2. The device of claim 1, wherein a first side of the output receptacle is mounted to one rail and a second side of the output receptacle is mounted to the other rail and wherein the device further comprises:

a first drive train operatively coupled between the motor and the first side of the output receptacle;

a second drive train operatively coupled between the motor and the second side of the output receptacle; and

the first drive train operationally identical to the second drive train such that both sides of the output receptacle move together at the urging of the motor.

3. The device of claim 2, further comprising a slide attached to each side of the output receptacle, each slide mounting one side of the receptacle to a rail.

4. The device of claim 3, wherein each slide includes an outside perimeter conforming to an inside perimeter of the rail.

5. The device of claim 4, wherein the inside perimeter of each rail is generally C shaped.

6. The device of claim 3, further comprising ball bearings interposed between the slides and the rails.

7. The device of claim 6, wherein an inside perimeter of each rail is generally C shaped and the bell bearings are disposed within the C shaped perimeter.

8. The device of claim 1, wherein the motor is supported by the frame at a location between the rails.

9. A print media output device, comprising:

a frame;

a pair of vertically oriented rails disposed parallel to and opposite one another, each rail defining one side of the frame;

a reversing motor supported by the frame; and

a horizontally oriented output receptacle having a first side mounted to one rail and a second side mounted to the other rail;

a first drive train operatively coupled between the motor and the first side of the output receptacle;

a second drive train operatively coupled between the motor and the second side of the output receptacle; and

the first drive train operationally identical to the second drive train such that both sides of the output receptacle move together at the urging of the motor.
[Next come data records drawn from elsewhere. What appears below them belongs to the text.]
(* In the setting of the weighted M-posterior, assume there is $\delta>0$ such that the prior density $\pi$ is continuous and positive on the ball $B_{\theta^*}(\delta)\subseteq\Theta$, and that the Weighted M-LAN condition holds. Then for any $\eta,\epsilon>0$ there exist a sequence $r_n\to+\infty$ and an integer $N(\eta,\epsilon)$ such that for all $n>N(\eta,\epsilon)$, $$P_0\Big(\sup_{g,h\in\overline B_{\mathbf 0}(r_n)}f_n(g,h)>\eta\Big)\le\epsilon,$$ where $\overline B_{\mathbf 0}(r)$ is the closed ball of radius $r$ about $\mathbf 0\in\mathbb R^p$.
   Context: $X_1,X_2,\dots$ i.i.d. from $P_0$, $\theta^*$ interior to $\Theta\subseteq\mathbb R^p$, loss $\rho$, score $\psi=\nabla_\theta\rho$, positive weights $\alpha_i$ with $\limsup_n n^{-1}\sum_{i\le n}\alpha_i^2<\infty$, $\bar\alpha_n=n^{-1}\sum_{i\le n}\alpha_i$, weighted M-estimator $\hat\theta^{\boldsymbol\alpha}_\rho$ solving $\sum_i\alpha_i\psi(X_i,\theta)=0$, weighted M-posterior $\pi_n^\rho(\theta\mid F_n^{\boldsymbol\alpha})\propto\exp(-\sum_{i=1}^n\alpha_i\rho(X_i,\theta))\pi(\theta)$. Set $\Delta_n=\sqrt n(\hat\theta^{\boldsymbol\alpha}_\rho-\theta^* )$, $\phi_n(h)=\phi(h\mid\Delta_n,V_{\theta^*}^{-1}/\bar\alpha_n)$ (normal density), $\pi^{\mathrm{W}}_n(h)=n^{-p/2}\pi_n^\rho(\theta^*+h/\sqrt n\mid F_n^{\boldsymbol\alpha})$, and $f_n(g,h)=\big\{1-\frac{\phi_n(h)\,\pi^{\mathrm W}_n(g)}{\pi^{\mathrm W}_n(h)\,\phi_n(g)}\big\}^+$. Weighted M-LAN condition: there is a positive definite $V_{\theta^*}$ such that $R_{n,\boldsymbol\alpha}(h)=\sum_{i=1}^n\alpha_i(\rho(X_i,\theta^* )-\rho(X_i,\theta^*+h/\sqrt n))-h^\top\bar\alpha_nV_{\theta^*}\Delta_n+\frac12h^\top\bar\alpha_nV_{\theta^*}h$ satisfies $\sup_{h\in K}|R_{n,\boldsymbol\alpha}(h)|\to0$ in $P_0$-probability for every compact $K$. *)

From HB Require Import structures.
From mathcomp Require Import all_boot all_order all_algebra.
From mathcomp Require Import all_classical all_reals all_analysis.
Set Implicit Arguments. Unset Strict Implicit. Unset Printing Implicit Defensive.
Import Order.TTheory GRing.Theory Num.Theory.
Import numFieldNormedType.Exports.
Local Open Scope classical_set_scope.
Local Open Scope ring_scope.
10. The device of claim 9, wherein:

each drive train comprises a drive shaft having a first end coupled to the motor and a second end, a belt drive wheel connected to the second end of the shaft, a belt idler wheel spaced apart from the belt drive wheel, and an endless loop belt wrapping the drive wheel and the idler wheel; and

each side of the output receptacle is fastened to one run of each belt.